When I became single, it was damned exciting to put a few condoms in one of the purse’s secret compartments. Was one enough? Probably not. If you need one, you need two. But if you need two do you need three? That’s my ex’s reasoning. I figured if it was good enough for him, then it was good enough for me.

But they ride around with me and get old, since opportunity has yet to present itself. The closest I’ve gotten is hmmm, he’s gonna kiss me, should I let him do whatever he wants?

But here’s the thing. If a stranger picks me up in public somewhere, I may sip coffee with him at Starbucks and listen to his attempt to seduce me. I consider myself a connoisseur of seduction techniques.

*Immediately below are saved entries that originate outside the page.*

Lemma has_length_morph (E : Type) (isE : E -> Prop)
  (W1 : Type) (z1 : W1) (add1 : W1 -> W1 -> W1) (opp1 : W1 -> W1) (act1 : E -> W1 -> W1)
  (W2 : Type) (z2 : W2) (add2 : W2 -> W2 -> W2) (act2 : E -> W2 -> W2)
  (phi : W1 -> W2) (B T : W1 -> Prop) (T' : W2 -> Prop) n :
  op_group z1 add1 opp1 isE act1 ->
  phi z1 = z2 -> (forall u v, phi (add1 u v) = add2 (phi u) (phi v)) ->
  (forall e, isE e -> forall w, phi (act1 e w) = act2 e (phi w)) ->
  submod z1 add1 isE act1 B -> submod z1 add1 isE act1 T -> sub_set B T ->
  (forall w, T w -> T' (phi w)) -> (forall w', T' w' -> exists2 w, T w & phi w = w') ->
  (forall w, T w -> B w <-> phi w = z2) ->
  has_length z1 add1 isE act1 B T n <->
  has_length z2 add2 isE act2 (fun w' => w' = z2) T' n.
Proof.
move=> opG1 phi0 phiD phiE smB smT BT phiT phi_onto kerB.
apply: (has_length_iso (F := fun L w' => exists2 w, L w & phi w = w')
                       (G := fun L' w => T w /\ L' (phi w))) => //.
- by move=> L L' LL' w' [w /LL' L'w <-]; exists w.
- by move=> L L' LL' w [Tw /LL' L'w].
- move=> L [L0 [addL actL]] BL LT; split.
    split; first by exists z1.
    split=> [_ _ [u Lu <-] [v Lv <-]|e isEe _ [u Lu <-]].
      by exists (add1 u v); [apply: addL | apply: phiD].
    by exists (act1 e u); [apply: actL | apply: phiE].
  apply: sub_set_anti => [w [Tw [l Ll phil]]|w Lw]; last by split; [apply: LT | exists w].
  have Tl : T l by apply: LT.
  have Bwl : B (add1 w (opp1 l)).
    apply/kerB; last by rewrite phiD -phil -phiD (opg_addN opG1).
    by case: (smT) => _ [addT _]; apply: addT => //; exact: (submod_opp opG1 smT Tl).
  by rewrite -(opg_addNK opG1 w l); apply: addL => //; apply: BL.
- move=> L' [L'0 [addL' actL']] _ L'T'; split.
    case: smT => T0 [addT actT]; split; first by split; rewrite ?phi0.
    split=> [u v [Tu L'u] [Tv L'v]|e isEe u [Tu L'u]].
      by split; [apply: addT | rewrite phiD; apply: addL'].
    by split; [apply: actT | rewrite phiE //; apply: actL'].
  apply: sub_set_anti => [w' [w [_ L'w] <-] //|w' L'w'].
  by have [w Tw phiw] := phi_onto w' (L'T' w' L'w'); exists w; rewrite ?phiw.
- apply: sub_set_anti => [w' [w Bw <-]|w' ->]; first by apply/kerB => //; apply: BT.
  by exists z1; [case: smB | ].
- apply: sub_set_anti => [w' [w Tw <-]|w' /phi_onto[w Tw <-]]; first exact: phiT.
  by exists w.
Qed.

Section LinearMaps.
Variables (k : fieldType) (U W : lmodType k).

Definition linear_of (f : U -> W) (linf : lin f) : {linear U -> W} :=
  HB.pack f (GRing.isLinear.Build k U W *:%R f linf).

Section LinearLemmas.
Variable f : U -> W.
Hypothesis linf : lin f.
Lemma lin0 : f 0 = 0. Proof. exact: (raddf0 (linear_of linf)). Qed.
Lemma linD : {morph f : u v / u + v}. Proof. exact: (raddfD (linear_of linf)). Qed.
Lemma linB : {morph f : u v / u - v}. Proof. exact: (raddfB (linear_of linf)). Qed.
Lemma linZ c : {morph f : u / c *: u}. Proof. exact: (linearZZ (linear_of linf)). Qed.
Lemma lin_sum (I : Type) (r : seq I) (P : pred I) (F : I -> U) :
  f (\sum_(i <- r | P i) F i) = \sum_(i <- r | P i) f (F i).
Proof. exact: (raddf_sum (linear_of linf)). Qed.
End LinearLemmas.

Lemma lin0f : lin (fun _ : U => 0 : W).
Proof. by move=> c u v; rewrite scaler0 addr0. Qed.

Lemma linDf (f g : U -> W) : lin f -> lin g -> lin (fun u => f u + g u).
Proof. by move=> linf ling c u v; rewrite linf ling scalerDr addrACA. Qed.

Lemma linNf (f : U -> W) : lin f -> lin (fun u => - f u).
Proof. by move=> linf c u v; rewrite linf opprD scalerN. Qed.

Lemma lin_comp (Y : lmodType k) (f : U -> W) (g : W -> Y) :
  lin f -> lin g -> lin (fun u => g (f u)).
Proof. by move=> linf ling c u v; rewrite linf ling. Qed.

End LinearMaps.

Section Representation.
Variables (k : fieldType) (V A : finType) (s t : A -> V) (M : V -> lmodType k)
  (mM : forall a : A, {linear M (s a) -> M (t a)}).
Local Notation isE := (is_endo mM).

Lemma is_endo_opp : isE (fun i (m : M i) => - m).
Proof. by split=> [i c u v|a m]; [rewrite opprD scalerN | rewrite linearN]. Qed.

Lemma op_group_vertex i : op_group (0 : M i) +%R -%R isE (fun e m => e i m).
Proof.
split; [exact: addrA | exact: addrC | exact: add0r | exact: subrr | |].
  by move=> e [line _] u v; apply: linD.
by exists (fun j (m : M j) => - m); first exact: is_endo_opp.
Qed.

Section DirectProduct.
Variables (C : finType) (tau : C -> V).

Definition dprodT := forall c : C, M (tau c).
Definition dprod_zero : dprodT := fun c => 0.
Definition dprod_add (u v : dprodT) : dprodT := fun c => u c + v c.
Definition dprod_opp (u : dprodT) : dprodT := fun c => - u c.
Definition dprod_act (e : endoT M) (u : dprodT) : dprodT := fun c => e (tau c) (u c).
Local Notation sm := (submod dprod_zero dprod_add isE dprod_act).
Local Notation hl := (has_length dprod_zero dprod_add isE dprod_act).

Lemma op_group_dprod : op_group dprod_zero dprod_add dprod_opp isE dprod_act.
Proof.
have opV := op_group_vertex.
split=> [u v w|u v|u|u|e isEe u v|].
- by apply: functional_extensionality_dep => c; apply: (opg_addA (opV _)).
- by apply: functional_extensionality_dep => c; apply: (opg_addC (opV _)).
- by apply: functional_extensionality_dep => c; apply: (opg_add0 (opV _)).
- by apply: functional_extensionality_dep => c; apply: (opg_addN (opV _)).
- by apply: functional_extensionality_dep => c; apply: (opg_actD (opV _)).
by exists (fun j (m : M j) => - m); first exact: is_endo_opp.
Qed.

Definition dprod_single c0 (m : M (tau c0)) : dprodT := fun c =>
  if c0 =P c is ReflectT e then ecast c (M (tau c)) e m else 0.
Arguments dprod_single : clear implicits.

Lemma dprod_single_id c0 m : dprod_single c0 m c0 = m.
Proof. by rewrite /dprod_single; case: eqP => // e; rewrite (eq_irrelevance e (erefl c0)). Qed.

Lemma dprod_single_neq c0 m c : c0 != c -> dprod_single c0 m c = 0.
Proof. by rewrite /dprod_single; case: eqP. Qed.

Definition dprod_supp (r : seq C) (w : dprodT) := forall c, c \notin r -> w c = 0.

Lemma submod_dprod_supp r : sm (dprod_supp r).
Proof.
split=> //; split=> [u v ur vr c cr|e [line _] u ur c cr].
  by rewrite /dprod_add ur // vr // addr0.
by rewrite /dprod_act ur // lin0.
Qed.

Lemma dprod_length (D : C -> nat) : (forall c, Dim_length mM (tau c) (D c)) ->
  hl (fun w => w = dprod_zero) (fun _ => True) (\sum_c D c).
Proof.
move=> HD.
have supp_cons r c : uniq (c :: r) -> hl (dprod_supp r) (dprod_supp (c :: r)) (D c).
  rewrite cons_uniq => /andP[cr _].
  apply/(has_length_morph (phi := fun w => w c) (W2 := M (tau c)) (z2 := 0) (add2 := +%R)
           (act2 := fun (e : endoT M) (m : M (tau c)) => e (tau c) m) (T' := fun _ => True)
           _ op_group_dprod) => //; last exact: HD.
  - exact: submod_dprod_supp.
  - exact: submod_dprod_supp.
  - by move=> w wr c' /norP[_ c'r]; apply: wr.
  - move=> m _; exists (dprod_single c m); last exact: dprod_single_id.
    by move=> c' /norP[cc' _]; apply: dprod_single_neq; rewrite eq_sym.
  move=> w wcr; split=> [wr|wc0 c' c'r]; first exact: wr.
  by have [<-|cc'] := eqVneq c c'; [|apply: wcr; rewrite inE negb_or eq_sym cc'].
have supp_seq r : uniq r -> hl (dprod_supp [::]) (dprod_supp r) (\sum_(c <- r) D c).
  elim: r => [_|c r IHr cr].
    by rewrite big_nil; apply/has_length0; split=> //; apply: submod_dprod_supp.
  rewrite big_cons addnC; apply: has_length_cat (IHr _) (supp_cons _ _ cr).
  by case/andP: cr.
have supp0 : dprod_supp [::] = (fun w => w = dprod_zero).
  apply: sub_set_anti => [w w0|w -> c] //.
  by apply: functional_extensionality_dep => c; apply: w0.
have suppT : dprod_supp (enum C) = (fun _ => True).
  by apply: sub_set_anti => // w _ c; rewrite mem_enum.
by rewrite -supp0 -suppT -big_enum; apply: supp_seq; apply: enum_uniq.
Qed.

End DirectProduct.

Section RowHoms.
Variables (X : finType) (n : X -> nat) (sg : X -> V).

Definition rhomT := forall x, 'rV[k]_(n x) -> M (sg x).
Definition rhom_zero : rhomT := fun x v => 0.
Definition rhom_add (f g : rhomT) : rhomT := fun x v => f x v + g x v.
Definition rhom_opp (f : rhomT) : rhomT := fun x v => - f x v.
Definition rhom_act (e : endoT M) (f : rhomT) : rhomT := fun x v => e (sg x) (f x v).
Definition rhom_lin (f : rhomT) := forall x, lin (f x).
Local Notation sm := (submod rhom_zero rhom_add isE rhom_act).
Local Notation hl := (has_length rhom_zero rhom_add isE rhom_act).

Lemma rhomP (f g : rhomT) : (forall x v, f x v = g x v) -> f = g.
Proof.
move=> fg; apply: functional_extensionality_dep => x.
exact: functional_extensionality.
Qed.

Lemma op_group_rhom : op_group rhom_zero rhom_add rhom_opp isE rhom_act.
Proof.
have opV := op_group_vertex.
split=> [f g h|f g|f|f|e isEe f g|].
- by apply: rhomP => x v; apply: (opg_addA (opV _)).
- by apply: rhomP => x v; apply: (opg_addC (opV _)).
- by apply: rhomP => x v; apply: (opg_add0 (opV _)).
- by apply: rhomP => x v; apply: (opg_addN (opV _)).
- by apply: rhomP => x v; apply: (opg_actD (opV _)).
by exists (fun j (m : M j) => - m); first exact: is_endo_opp.
Qed.

Lemma submod_rhom_lin : sm rhom_lin.
Proof.
split=> [x|]; first exact: lin0f.
by split=> [f g linf ling x|e [line _] f linf x]; [apply: linDf | apply: lin_comp].
Qed.

Local Notation basis := {x : X & 'I_(n x)}.

Definition rhom_coord (f : rhomT) : dprodT (fun c : basis => sg (tag c)) :=
  fun c => f (tag c) (delta_mx 0 (tagged c)).

Lemma lin_row_expand (U : lmodType k) m (f : 'rV[k]_m -> U) (v : 'rV[k]_m) : lin f ->
  f v = \sum_(j < m) v 0 j *: f (delta_mx 0 j).
Proof.
move=> linf; rewrite {1}(row_sum_delta v) (lin_sum linf).
by apply: eq_bigr => j _; rewrite (linZ linf).
Qed.

Lemma rhom_length (D : X -> nat) : (forall x, Dim_length mM (sg x) (D x)) ->
  hl (fun f => f = rhom_zero) rhom_lin (\sum_x n x * D x).
Proof.
move=> HD.
have -> : (\sum_x n x * D x = \sum_(c : basis) D (tag c))%N.
  rewrite -(@sig_big_dep _ _ _ X (fun x => 'I_(n x)) xpredT (fun _ _ => true) (fun x _ => D x)).
  by apply: eq_bigr => x _; rewrite sum_nat_const card_ord.
apply/(has_length_morph (phi := rhom_coord) (z2 := dprod_zero _)
         (add2 := @dprod_add basis _) (act2 := @dprod_act basis _) (T' := fun _ => True) _
         op_group_rhom) => //.
- exact: submod0 op_group_rhom.
- exact: submod_rhom_lin.
- by move=> f -> x; apply: lin0f.
- move=> g _; exists (fun x v => \sum_(j < n x) v 0 j *: (g (Tagged _ j) : M (sg x))).
    move=> x c u v; rewrite scaler_sumr -big_split /=; apply: eq_bigr => j _.
    by rewrite !mxE scalerDl scalerA.
  apply: functional_extensionality_dep => -[x j]; rewrite /rhom_coord /=.
  rewrite (bigD1 j) //= big1 => [|j' j'j]; first by rewrite mxE !eqxx scale1r addr0.
  by rewrite mxE (negbTE j'j) scale0r.
- move=> f linf; split=> [-> | f0]; first exact: functional_extensionality_dep.
  apply: rhomP => x v; rewrite (lin_row_expand _ (linf x)) big1 // => j _.
  have := congr1 (fun w => w (Tagged (fun x => 'I_(n x)) j)) f0.
  by rewrite /rhom_coord /= => ->; rewrite scaler0.
exact: dprod_length.
Qed.

End RowHoms.

Lemma Dim_length_exists : endofinite mM -> forall i, exists n, Dim_length mM i n.
Proof.
case=> N hN i.
have opT := op_group_dprod (fun j => j).
have smKi : submod (tot_zero M) (tot_add (M:=M)) isE (tot_act (M:=M)) (fun w => w i = 0).
  split=> //; split=> [u v ui vi|e [line _] u ui]; first by rewrite /tot_add ui vi addr0.
  by rewrite /tot_act ui (lin0 (line i)).
have [n hn] := has_length_upper opT hN smKi (fun w w0 => congr1 (fun u => u i) w0) (fun _ _ => I).
exists n; apply/(has_length_morph (phi := fun w => w i) (B := fun w => w i = 0) (T := fun _ => True)
         (T' := fun _ => True) _ opT) => //.
by move=> m _; exists (dprod_single (c0 := i) m); last exact: dprod_single_id.
Qed.

Section HomExt.
Variables (d : V -> nat) (xA : forall a : A, 'M[k]_(d (s a), d (t a))).
Local Notation hz := (@hom_zero _ _ M d).
Local Notation hadd := (@hom_add _ _ M d).
Local Notation hact := (@hom_act _ _ M d).
Local Notation hom_lin := (@rhom_lin V d (fun i => i)).
Local Notation az := (@arr_zero _ _ _ s t M d).
Local Notation aadd := (@arr_add _ _ _ s t M d).
Local Notation aact := (@arr_act _ _ _ s t M d).
Local Notation arr_lin := (@rhom_lin A (fun a => d (s a)) t).
Local Notation dl := (delta mM xA).

Lemma submod_is_hom : submod hz hadd isE hact (is_hom mM xA).
Proof.
split; first by split=> [i|a v]; [exact: lin0f | rewrite /hom_zero linear0].
split=> [f g [linf homf] [ling homg]|e [line endoe] f [linf homf]].
  by split=> [i|a v]; [apply: linDf | rewrite /hom_add linearD homf homg].
by split=> [i|a v]; [apply: lin_comp | rewrite /hom_act endoe homf].
Qed.

Lemma delta0 : dl hz = az.
Proof. by apply: rhomP => a v; rewrite /delta linear0 subrr. Qed.

Lemma deltaD f g : dl (hadd f g) = aadd (dl f) (dl g).
Proof. by apply: rhomP => a v; rewrite /delta /hom_add linearD opprD addrACA. Qed.

Lemma deltaE e : isE e -> forall f, dl (hact e f) = aact e (dl f).
Proof.
by case=> line endoe f; apply: rhomP => a v; rewrite /delta /hom_act /arr_act endoe (linB (line _)).
Qed.

Lemma delta_lin f : hom_lin f -> arr_lin (dl f).
Proof.
move=> linf a; apply: linDf; first exact: lin_comp (linf _) (linearP _).
exact/linNf/(lin_comp (linearP (mulmxr _)) (linf _)).
Qed.

Lemma submod_im_delta : submod az aadd isE aact (im_delta mM xA).
Proof.
split; first by exists hz; split; [move=> i; apply: lin0f | rewrite delta0].
split=> [_ _ [f [linf ->]] [g [ling ->]]|e isEe _ [f [linf ->]]].
  by exists (hadd f g); split; [move=> i; apply: linDf | rewrite deltaD].
exists (hact e f); split; last by rewrite deltaE.
by case: isEe => line _ i; apply: lin_comp.
Qed.

Lemma has_length_im_delta n :
  has_length hz hadd isE hact (is_hom mM xA) hom_lin n <->
  has_length az aadd isE aact (fun g => g = az) (im_delta mM xA) n.
Proof.
apply: (has_length_morph n (op_group_rhom d (fun i => i)) delta0 deltaD deltaE) => //.
- exact: submod_is_hom.
- exact: submod_rhom_lin.
- by move=> f [].
- by move=> f linf; exists f.
- by move=> g [f [linf ->]]; exists f.
move=> f linf; split=> [[_ homf]|f0]; first by apply: rhomP => a v; rewrite /delta homf subrr.
split=> // a v; apply/eqP; rewrite -subr_eq0; apply/eqP.
exact: (congr1 (fun g => g a v) f0).
Qed.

When I go on a date, there is plenty of warning ahead of time that something could happen, and never has a guy said, “Gee, I didn’t bring any birth control, do you have any condoms in your purse, baby?”

So, do I really need these condoms in my purse?

They just get old and replaced by new ones, which also get old. But unlike old business cards, I’m going to keep the condoms. Is there anything else in there that I’d need to be able to scream in ecstasy? Nah, whether I use them or not, they’ve become the most important thing in the purse.